Given data:
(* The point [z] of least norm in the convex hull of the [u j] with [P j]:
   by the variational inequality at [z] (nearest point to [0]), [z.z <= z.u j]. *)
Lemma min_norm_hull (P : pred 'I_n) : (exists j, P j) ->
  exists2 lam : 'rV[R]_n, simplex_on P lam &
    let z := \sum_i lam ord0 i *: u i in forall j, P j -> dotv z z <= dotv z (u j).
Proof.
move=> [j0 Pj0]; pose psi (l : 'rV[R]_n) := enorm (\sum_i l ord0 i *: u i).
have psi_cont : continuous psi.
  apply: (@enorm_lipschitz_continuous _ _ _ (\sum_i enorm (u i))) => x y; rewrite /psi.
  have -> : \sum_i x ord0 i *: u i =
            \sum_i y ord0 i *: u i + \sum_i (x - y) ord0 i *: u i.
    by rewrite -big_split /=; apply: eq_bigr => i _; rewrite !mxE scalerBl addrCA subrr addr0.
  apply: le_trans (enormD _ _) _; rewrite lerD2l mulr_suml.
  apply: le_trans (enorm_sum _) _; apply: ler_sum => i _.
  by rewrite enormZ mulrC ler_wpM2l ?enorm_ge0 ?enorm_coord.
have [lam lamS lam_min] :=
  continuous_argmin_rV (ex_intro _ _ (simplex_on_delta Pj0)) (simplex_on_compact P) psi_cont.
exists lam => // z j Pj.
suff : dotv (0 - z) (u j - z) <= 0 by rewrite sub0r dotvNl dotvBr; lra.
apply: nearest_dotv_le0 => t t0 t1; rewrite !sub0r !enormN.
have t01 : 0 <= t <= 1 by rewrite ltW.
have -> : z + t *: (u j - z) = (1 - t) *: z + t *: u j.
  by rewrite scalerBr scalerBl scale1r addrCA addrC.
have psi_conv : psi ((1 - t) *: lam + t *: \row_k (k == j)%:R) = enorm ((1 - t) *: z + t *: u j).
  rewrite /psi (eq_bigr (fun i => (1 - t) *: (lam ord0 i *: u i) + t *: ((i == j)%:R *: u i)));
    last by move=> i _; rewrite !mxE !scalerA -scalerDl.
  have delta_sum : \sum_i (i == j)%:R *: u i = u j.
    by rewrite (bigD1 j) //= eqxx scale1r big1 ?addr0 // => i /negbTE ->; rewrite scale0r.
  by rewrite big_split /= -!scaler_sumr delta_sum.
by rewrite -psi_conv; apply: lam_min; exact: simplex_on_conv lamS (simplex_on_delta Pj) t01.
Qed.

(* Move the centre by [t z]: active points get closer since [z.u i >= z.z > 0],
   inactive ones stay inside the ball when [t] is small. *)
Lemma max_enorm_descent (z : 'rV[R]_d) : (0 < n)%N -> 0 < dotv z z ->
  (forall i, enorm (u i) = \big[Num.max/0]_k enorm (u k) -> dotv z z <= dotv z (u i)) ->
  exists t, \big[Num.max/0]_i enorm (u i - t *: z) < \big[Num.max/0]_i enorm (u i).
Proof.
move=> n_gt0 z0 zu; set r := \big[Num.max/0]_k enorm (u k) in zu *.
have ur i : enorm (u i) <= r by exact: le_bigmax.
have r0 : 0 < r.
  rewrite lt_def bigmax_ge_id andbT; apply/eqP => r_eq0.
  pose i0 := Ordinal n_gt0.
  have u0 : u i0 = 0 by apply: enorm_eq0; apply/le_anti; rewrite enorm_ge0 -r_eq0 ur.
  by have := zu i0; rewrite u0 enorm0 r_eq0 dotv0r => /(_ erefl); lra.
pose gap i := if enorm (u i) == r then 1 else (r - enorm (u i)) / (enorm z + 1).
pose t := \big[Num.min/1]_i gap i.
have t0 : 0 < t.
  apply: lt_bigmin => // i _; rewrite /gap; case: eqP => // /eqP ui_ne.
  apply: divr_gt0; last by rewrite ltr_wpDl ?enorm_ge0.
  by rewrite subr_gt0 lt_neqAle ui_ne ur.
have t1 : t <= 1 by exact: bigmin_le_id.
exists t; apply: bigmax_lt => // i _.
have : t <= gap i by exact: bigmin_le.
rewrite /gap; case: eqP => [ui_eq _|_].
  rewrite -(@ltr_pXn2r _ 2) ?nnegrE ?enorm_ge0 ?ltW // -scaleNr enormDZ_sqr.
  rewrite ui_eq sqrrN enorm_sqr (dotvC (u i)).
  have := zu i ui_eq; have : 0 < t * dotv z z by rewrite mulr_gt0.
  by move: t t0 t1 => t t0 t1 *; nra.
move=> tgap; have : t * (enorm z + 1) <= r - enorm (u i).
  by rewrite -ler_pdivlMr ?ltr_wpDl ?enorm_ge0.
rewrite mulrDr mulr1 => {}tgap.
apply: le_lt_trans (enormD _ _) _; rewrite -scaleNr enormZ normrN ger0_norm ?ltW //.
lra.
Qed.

Task requirements:
Give again exactly, and only, the lines above starting at the one with "exists t, \big[Num.max/0]_i" and ending at the one with "pose t := \big[Num.min/1]_i gap i.".

Exercise output:
  exists t, \big[Num.max/0]_i enorm (u i - t *: z) < \big[Num.max/0]_i enorm (u i).
Proof.
move=> n_gt0 z0 zu; set r := \big[Num.max/0]_k enorm (u k) in zu *.
have ur i : enorm (u i) <= r by exact: le_bigmax.
have r0 : 0 < r.
  rewrite lt_def bigmax_ge_id andbT; apply/eqP => r_eq0.
  pose i0 := Ordinal n_gt0.
  have u0 : u i0 = 0 by apply: enorm_eq0; apply/le_anti; rewrite enorm_ge0 -r_eq0 ur.
  by have := zu i0; rewrite u0 enorm0 r_eq0 dotv0r => /(_ erefl); lra.
pose gap i := if enorm (u i) == r then 1 else (r - enorm (u i)) / (enorm z + 1).
pose t := \big[Num.min/1]_i gap i.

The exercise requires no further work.